* [Input material]:
===============

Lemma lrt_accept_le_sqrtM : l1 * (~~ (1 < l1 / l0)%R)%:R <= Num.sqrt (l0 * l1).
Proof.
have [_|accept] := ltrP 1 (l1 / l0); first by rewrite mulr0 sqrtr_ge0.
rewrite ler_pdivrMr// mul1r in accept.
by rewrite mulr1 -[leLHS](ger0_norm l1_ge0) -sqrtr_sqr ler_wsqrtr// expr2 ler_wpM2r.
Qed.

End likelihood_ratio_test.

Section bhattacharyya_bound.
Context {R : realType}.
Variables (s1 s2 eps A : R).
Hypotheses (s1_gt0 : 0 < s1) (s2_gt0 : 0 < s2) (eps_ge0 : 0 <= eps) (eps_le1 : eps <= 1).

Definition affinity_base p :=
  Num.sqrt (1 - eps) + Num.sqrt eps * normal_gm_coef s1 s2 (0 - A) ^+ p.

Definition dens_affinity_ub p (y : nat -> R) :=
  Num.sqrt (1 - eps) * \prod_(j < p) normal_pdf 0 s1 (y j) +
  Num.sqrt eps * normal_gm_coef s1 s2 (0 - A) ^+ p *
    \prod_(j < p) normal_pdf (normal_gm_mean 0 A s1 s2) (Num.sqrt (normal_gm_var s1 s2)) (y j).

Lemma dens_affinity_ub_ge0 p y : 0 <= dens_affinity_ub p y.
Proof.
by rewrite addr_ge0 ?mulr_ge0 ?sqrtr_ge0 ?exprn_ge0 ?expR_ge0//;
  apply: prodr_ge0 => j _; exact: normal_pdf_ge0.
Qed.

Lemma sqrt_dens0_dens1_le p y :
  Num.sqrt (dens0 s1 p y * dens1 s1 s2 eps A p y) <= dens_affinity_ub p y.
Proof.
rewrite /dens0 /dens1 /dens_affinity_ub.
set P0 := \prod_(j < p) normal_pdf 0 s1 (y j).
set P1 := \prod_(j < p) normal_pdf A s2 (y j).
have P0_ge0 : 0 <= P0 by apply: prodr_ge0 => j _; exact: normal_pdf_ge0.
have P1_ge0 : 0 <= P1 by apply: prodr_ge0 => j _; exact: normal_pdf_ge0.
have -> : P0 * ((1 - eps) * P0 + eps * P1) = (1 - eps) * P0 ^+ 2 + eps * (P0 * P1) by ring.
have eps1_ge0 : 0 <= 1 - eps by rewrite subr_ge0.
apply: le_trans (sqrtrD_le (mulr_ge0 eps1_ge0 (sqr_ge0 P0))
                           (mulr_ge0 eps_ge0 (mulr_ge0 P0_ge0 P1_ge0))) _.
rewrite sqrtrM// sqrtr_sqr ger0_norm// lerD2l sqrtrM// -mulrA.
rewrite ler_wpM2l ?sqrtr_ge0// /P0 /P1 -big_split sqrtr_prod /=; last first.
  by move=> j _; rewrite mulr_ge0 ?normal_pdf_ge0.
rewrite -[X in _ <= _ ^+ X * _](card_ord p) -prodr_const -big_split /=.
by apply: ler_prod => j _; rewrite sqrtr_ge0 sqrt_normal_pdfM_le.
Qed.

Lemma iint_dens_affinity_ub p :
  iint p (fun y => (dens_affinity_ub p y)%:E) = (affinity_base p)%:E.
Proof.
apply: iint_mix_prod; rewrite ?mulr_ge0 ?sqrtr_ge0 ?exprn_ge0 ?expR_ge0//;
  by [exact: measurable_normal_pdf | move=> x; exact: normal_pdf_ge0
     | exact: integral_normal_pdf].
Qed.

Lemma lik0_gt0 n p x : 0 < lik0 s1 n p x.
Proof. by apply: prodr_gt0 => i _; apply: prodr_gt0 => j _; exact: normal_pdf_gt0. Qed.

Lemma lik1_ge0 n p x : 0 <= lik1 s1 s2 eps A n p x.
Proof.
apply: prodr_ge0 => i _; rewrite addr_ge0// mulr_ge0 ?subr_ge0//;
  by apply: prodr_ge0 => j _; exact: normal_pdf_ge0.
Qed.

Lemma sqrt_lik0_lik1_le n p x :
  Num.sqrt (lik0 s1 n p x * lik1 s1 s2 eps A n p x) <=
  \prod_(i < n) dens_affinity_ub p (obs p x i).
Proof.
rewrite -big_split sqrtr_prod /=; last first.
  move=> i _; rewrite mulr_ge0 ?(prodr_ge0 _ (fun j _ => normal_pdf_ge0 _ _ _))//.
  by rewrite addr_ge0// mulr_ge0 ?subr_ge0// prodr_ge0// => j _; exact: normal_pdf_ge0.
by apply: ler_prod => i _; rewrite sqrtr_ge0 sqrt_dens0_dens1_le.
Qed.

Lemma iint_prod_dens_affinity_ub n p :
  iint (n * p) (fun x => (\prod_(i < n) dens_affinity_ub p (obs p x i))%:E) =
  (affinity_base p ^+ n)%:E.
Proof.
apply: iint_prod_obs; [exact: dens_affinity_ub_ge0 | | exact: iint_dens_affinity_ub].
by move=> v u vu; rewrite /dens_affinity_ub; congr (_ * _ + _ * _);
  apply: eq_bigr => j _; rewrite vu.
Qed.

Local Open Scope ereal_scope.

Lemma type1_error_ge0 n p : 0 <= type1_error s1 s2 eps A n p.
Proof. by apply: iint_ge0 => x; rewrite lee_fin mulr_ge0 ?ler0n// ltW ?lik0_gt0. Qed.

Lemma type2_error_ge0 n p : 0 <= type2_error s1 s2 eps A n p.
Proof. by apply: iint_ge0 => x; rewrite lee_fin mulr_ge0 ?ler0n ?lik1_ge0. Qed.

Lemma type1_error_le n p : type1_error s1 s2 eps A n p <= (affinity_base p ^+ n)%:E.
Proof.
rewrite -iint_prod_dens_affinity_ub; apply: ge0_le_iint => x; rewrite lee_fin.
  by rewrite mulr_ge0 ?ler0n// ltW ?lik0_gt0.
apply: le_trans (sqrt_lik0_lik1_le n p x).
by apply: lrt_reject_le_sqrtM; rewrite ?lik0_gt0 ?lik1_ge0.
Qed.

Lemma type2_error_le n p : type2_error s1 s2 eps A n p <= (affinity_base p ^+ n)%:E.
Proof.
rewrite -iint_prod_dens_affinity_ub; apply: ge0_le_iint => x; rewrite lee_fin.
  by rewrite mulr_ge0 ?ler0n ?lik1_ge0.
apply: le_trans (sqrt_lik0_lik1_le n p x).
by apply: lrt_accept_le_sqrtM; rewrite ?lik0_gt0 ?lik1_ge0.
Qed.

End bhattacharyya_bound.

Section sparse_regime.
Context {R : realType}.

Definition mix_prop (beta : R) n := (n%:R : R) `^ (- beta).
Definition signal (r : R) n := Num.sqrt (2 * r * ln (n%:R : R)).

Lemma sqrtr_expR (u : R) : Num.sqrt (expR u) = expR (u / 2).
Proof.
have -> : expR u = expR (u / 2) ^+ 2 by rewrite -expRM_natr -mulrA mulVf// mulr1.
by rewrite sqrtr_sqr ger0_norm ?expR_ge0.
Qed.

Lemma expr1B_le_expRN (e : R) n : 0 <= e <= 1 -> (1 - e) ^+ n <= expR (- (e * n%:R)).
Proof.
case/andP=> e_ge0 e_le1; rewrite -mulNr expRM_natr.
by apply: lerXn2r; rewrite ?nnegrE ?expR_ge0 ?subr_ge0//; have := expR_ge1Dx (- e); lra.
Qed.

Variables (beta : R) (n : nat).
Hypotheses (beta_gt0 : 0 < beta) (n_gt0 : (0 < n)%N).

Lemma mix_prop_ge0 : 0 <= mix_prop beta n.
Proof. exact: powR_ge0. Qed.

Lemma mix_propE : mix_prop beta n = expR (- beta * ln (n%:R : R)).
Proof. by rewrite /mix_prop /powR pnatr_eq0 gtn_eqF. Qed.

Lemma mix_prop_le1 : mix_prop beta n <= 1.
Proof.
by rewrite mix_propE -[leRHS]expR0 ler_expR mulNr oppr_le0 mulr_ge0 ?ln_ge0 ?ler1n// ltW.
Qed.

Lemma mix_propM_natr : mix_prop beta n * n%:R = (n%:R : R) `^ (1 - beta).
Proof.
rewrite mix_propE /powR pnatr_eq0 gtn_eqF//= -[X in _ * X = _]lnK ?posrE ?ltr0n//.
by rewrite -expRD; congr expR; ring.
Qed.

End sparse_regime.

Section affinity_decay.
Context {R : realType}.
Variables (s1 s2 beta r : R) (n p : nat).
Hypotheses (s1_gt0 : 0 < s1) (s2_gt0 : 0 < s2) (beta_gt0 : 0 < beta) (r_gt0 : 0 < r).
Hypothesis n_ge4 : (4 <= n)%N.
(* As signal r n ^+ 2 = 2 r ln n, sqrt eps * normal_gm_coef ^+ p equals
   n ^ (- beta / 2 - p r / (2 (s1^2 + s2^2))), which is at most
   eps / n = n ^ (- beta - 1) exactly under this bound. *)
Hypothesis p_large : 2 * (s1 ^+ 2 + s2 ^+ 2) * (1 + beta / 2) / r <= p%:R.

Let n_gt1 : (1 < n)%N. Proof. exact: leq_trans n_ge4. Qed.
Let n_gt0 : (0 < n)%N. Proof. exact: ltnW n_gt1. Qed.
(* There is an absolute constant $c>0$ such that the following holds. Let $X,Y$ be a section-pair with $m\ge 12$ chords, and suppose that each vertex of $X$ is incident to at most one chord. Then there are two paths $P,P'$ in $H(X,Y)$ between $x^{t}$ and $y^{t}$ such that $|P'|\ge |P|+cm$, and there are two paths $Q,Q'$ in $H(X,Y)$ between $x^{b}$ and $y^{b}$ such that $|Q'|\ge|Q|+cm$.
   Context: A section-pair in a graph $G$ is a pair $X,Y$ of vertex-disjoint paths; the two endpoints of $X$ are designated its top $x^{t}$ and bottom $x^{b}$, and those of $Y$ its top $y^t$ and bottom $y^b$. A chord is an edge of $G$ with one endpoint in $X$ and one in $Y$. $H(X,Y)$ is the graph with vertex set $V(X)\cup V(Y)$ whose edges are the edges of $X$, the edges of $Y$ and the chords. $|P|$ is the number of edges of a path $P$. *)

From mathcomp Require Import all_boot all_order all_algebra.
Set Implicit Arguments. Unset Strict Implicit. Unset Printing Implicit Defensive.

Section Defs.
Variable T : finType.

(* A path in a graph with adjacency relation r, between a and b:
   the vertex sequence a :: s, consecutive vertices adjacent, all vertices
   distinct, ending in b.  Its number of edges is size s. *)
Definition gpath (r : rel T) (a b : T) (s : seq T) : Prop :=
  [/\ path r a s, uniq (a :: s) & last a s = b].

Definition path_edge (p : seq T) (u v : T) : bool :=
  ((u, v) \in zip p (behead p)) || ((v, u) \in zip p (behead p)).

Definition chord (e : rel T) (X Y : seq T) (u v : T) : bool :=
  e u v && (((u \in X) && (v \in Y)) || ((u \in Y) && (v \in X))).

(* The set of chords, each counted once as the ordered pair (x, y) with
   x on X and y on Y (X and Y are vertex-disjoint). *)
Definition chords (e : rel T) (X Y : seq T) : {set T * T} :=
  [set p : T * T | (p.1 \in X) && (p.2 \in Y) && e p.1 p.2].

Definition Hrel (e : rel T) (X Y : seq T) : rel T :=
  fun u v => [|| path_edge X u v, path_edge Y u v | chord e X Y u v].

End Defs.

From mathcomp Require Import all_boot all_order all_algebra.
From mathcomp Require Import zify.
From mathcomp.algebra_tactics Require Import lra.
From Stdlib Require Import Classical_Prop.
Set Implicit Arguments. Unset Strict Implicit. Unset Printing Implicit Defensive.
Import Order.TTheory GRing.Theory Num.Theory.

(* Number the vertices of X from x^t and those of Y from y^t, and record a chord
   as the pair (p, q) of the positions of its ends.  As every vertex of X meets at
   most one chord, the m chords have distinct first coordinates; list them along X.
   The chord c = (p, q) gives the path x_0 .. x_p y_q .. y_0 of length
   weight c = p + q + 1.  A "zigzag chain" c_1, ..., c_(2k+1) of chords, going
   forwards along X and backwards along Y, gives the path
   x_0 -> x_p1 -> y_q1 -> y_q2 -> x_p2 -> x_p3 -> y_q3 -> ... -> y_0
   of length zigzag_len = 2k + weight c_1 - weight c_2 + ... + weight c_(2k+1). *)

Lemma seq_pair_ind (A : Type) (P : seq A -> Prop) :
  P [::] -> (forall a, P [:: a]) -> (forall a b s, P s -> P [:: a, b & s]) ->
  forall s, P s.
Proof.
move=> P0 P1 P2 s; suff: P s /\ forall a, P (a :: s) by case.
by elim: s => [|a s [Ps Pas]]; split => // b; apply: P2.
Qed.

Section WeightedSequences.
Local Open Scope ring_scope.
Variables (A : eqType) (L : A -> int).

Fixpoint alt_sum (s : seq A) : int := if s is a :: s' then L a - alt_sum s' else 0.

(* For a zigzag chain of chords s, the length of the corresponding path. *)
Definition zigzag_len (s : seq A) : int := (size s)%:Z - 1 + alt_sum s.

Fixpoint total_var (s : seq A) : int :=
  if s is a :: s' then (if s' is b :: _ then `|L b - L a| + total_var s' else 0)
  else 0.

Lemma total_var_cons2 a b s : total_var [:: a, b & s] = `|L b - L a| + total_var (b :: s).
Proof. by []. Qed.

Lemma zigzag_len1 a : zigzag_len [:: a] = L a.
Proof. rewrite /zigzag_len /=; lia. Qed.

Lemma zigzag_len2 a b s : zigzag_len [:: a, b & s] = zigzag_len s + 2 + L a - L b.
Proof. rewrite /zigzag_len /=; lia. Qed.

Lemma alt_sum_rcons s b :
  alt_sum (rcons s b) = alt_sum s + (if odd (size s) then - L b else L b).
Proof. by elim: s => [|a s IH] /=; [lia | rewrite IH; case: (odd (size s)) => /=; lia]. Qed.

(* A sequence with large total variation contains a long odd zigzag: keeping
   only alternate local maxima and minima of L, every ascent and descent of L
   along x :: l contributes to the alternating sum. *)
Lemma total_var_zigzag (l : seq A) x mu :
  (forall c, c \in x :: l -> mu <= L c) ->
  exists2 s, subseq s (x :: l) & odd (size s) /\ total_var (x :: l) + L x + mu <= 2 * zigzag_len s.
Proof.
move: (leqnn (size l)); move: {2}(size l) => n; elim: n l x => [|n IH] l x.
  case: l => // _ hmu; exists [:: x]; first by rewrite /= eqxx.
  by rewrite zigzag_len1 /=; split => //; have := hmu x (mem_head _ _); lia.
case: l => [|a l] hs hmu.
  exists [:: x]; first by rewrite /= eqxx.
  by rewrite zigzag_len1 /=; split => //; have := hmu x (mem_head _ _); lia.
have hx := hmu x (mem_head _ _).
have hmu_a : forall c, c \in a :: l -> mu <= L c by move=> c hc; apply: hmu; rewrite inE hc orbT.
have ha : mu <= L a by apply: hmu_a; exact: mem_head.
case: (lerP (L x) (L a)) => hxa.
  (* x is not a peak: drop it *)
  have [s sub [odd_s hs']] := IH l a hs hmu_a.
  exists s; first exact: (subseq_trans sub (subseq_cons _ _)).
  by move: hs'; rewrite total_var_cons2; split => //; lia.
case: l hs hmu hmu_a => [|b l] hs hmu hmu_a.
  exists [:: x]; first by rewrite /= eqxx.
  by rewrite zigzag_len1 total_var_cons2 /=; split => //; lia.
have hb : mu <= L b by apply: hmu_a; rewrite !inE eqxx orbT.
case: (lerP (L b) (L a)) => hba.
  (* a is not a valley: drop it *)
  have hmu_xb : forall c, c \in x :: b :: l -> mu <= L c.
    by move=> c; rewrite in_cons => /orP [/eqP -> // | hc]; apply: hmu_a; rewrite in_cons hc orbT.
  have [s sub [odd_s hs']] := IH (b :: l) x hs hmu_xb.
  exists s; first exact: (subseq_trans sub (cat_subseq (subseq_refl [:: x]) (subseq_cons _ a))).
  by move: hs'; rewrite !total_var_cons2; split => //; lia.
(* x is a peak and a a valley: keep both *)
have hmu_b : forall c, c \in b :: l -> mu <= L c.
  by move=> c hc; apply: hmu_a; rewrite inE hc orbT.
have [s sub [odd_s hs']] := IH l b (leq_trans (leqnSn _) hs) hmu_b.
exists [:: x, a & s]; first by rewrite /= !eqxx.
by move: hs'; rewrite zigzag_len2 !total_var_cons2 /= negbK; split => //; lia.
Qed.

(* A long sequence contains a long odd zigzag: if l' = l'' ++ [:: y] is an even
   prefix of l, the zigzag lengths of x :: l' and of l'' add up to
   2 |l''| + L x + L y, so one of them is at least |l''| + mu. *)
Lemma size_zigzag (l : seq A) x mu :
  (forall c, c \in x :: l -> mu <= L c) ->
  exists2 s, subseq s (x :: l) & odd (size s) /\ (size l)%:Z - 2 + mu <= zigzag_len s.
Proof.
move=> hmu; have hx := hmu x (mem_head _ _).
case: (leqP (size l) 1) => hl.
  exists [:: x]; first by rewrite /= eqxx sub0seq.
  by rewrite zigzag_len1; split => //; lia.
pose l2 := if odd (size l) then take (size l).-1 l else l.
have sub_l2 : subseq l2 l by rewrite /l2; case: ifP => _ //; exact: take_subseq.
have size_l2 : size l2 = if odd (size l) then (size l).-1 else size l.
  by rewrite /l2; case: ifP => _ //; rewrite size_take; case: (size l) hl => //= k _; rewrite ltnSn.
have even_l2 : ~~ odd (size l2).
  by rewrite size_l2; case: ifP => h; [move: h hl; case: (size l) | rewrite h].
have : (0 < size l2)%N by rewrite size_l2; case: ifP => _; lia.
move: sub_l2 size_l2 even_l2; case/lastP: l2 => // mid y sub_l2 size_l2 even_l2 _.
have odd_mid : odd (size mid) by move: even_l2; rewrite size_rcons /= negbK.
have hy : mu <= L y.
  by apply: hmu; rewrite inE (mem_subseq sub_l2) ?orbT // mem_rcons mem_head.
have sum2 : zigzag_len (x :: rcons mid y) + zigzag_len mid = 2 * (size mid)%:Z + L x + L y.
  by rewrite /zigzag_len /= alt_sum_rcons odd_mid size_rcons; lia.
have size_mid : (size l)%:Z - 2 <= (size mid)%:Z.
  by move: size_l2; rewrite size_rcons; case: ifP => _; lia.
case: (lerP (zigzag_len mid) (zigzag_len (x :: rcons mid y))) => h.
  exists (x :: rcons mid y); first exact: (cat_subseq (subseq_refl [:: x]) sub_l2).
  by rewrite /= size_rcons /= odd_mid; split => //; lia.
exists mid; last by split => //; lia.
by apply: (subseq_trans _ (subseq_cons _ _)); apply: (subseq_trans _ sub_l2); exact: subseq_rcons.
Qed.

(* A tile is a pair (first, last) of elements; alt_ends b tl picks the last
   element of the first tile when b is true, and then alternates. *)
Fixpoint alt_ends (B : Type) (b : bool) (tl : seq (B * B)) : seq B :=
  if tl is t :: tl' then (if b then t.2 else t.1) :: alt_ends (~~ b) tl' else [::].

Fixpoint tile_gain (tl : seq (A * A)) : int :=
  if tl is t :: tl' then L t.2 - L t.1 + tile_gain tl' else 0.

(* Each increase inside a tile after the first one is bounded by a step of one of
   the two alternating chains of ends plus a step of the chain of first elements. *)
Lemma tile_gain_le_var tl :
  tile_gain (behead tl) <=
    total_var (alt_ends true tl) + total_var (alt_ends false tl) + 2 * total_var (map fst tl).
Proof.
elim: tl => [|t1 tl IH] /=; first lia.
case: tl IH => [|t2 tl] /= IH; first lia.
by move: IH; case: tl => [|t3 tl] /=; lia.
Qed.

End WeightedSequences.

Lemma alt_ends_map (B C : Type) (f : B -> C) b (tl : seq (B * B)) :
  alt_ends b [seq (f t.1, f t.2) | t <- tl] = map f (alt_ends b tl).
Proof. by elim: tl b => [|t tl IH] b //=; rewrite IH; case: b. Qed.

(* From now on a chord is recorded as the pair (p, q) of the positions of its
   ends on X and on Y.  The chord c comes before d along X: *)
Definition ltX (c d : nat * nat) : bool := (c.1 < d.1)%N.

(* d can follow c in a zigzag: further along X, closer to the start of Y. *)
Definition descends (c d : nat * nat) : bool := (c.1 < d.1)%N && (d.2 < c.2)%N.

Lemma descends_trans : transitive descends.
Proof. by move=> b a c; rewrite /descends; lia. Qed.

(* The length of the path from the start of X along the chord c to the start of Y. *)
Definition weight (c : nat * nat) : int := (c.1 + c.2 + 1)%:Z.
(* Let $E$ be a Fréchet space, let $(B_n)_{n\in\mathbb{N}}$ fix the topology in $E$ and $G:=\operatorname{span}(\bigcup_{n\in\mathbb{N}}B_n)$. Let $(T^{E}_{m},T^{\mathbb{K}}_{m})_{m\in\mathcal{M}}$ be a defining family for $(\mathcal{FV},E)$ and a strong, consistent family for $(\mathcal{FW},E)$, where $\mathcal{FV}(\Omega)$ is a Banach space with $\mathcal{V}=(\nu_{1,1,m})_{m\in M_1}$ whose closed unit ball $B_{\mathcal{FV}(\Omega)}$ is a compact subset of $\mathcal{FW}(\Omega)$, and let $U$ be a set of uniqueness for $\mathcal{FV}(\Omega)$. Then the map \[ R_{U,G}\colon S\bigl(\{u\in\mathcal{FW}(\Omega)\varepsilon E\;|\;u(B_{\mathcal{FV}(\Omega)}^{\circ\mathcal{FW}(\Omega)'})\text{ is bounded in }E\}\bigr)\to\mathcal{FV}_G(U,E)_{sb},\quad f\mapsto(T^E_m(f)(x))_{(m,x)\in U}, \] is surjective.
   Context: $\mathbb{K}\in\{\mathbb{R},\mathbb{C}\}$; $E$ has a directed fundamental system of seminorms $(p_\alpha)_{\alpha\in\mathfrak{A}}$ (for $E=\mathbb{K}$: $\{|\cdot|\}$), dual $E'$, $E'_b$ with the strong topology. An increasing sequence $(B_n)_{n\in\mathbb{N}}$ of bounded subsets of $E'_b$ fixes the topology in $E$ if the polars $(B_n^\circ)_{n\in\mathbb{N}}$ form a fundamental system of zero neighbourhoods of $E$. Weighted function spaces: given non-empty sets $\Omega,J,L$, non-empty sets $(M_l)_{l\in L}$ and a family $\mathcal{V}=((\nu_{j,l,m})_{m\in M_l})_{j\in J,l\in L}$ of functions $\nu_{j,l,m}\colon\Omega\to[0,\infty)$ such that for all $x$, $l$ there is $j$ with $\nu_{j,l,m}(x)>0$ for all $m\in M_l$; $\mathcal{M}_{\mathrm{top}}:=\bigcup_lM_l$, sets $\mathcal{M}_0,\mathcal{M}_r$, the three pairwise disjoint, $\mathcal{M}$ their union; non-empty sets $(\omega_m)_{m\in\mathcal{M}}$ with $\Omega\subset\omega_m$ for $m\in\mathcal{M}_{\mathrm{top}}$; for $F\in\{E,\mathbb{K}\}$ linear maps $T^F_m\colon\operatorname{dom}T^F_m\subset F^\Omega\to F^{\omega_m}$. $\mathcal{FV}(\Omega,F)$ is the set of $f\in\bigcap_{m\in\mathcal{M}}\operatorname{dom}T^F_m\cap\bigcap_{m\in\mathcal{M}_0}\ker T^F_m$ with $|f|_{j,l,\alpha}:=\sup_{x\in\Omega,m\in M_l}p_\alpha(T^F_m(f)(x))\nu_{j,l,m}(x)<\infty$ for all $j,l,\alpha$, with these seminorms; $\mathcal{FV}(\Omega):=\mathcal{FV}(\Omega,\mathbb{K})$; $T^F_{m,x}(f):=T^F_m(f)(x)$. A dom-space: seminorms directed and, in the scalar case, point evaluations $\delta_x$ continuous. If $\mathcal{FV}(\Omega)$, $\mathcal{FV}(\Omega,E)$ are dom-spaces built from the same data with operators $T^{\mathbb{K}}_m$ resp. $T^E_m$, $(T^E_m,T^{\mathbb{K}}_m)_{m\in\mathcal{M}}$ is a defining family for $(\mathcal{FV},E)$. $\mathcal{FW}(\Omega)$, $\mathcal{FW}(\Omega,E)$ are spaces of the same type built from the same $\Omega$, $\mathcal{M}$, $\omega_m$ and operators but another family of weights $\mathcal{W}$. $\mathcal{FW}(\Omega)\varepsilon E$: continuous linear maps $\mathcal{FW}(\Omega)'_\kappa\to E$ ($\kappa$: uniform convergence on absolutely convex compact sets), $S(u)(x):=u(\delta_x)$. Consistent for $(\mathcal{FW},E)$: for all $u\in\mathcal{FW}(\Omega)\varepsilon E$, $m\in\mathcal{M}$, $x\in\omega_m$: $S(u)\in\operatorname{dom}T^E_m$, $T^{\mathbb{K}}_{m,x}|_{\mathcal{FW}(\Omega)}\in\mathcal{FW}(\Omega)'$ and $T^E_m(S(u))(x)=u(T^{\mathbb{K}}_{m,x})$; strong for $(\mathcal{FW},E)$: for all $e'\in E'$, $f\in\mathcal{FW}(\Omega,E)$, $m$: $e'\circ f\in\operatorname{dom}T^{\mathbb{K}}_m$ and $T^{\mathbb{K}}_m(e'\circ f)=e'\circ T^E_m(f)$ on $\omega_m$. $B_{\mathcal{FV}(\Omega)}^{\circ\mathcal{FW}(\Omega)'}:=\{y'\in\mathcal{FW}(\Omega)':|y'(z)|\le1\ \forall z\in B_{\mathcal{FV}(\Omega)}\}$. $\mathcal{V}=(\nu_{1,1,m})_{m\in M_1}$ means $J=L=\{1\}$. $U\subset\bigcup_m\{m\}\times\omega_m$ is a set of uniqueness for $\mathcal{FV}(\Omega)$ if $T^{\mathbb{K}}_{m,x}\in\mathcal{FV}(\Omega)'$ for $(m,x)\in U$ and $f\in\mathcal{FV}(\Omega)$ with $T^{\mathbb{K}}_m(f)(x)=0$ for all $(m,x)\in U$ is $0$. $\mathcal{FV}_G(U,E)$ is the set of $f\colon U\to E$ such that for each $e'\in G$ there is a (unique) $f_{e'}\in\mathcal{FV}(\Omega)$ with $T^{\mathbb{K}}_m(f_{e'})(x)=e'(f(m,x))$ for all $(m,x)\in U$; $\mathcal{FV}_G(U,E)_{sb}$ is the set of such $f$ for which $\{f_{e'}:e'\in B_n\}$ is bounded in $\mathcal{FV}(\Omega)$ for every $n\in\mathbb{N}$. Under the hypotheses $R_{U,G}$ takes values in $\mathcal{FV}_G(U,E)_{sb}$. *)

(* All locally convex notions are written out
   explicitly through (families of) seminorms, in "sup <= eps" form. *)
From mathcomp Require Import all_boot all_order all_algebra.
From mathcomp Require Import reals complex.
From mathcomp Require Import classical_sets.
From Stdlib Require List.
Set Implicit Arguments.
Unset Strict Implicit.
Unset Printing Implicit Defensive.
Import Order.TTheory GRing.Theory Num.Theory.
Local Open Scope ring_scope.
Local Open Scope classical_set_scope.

===============

* [Exercise instructions]: Where a line above includes "congr", copy that line.

* [Written response]:
by move=> v u vu; rewrite /dens_affinity_ub; congr (_ * _ + _ * _);
by rewrite -expRD; congr expR; ring.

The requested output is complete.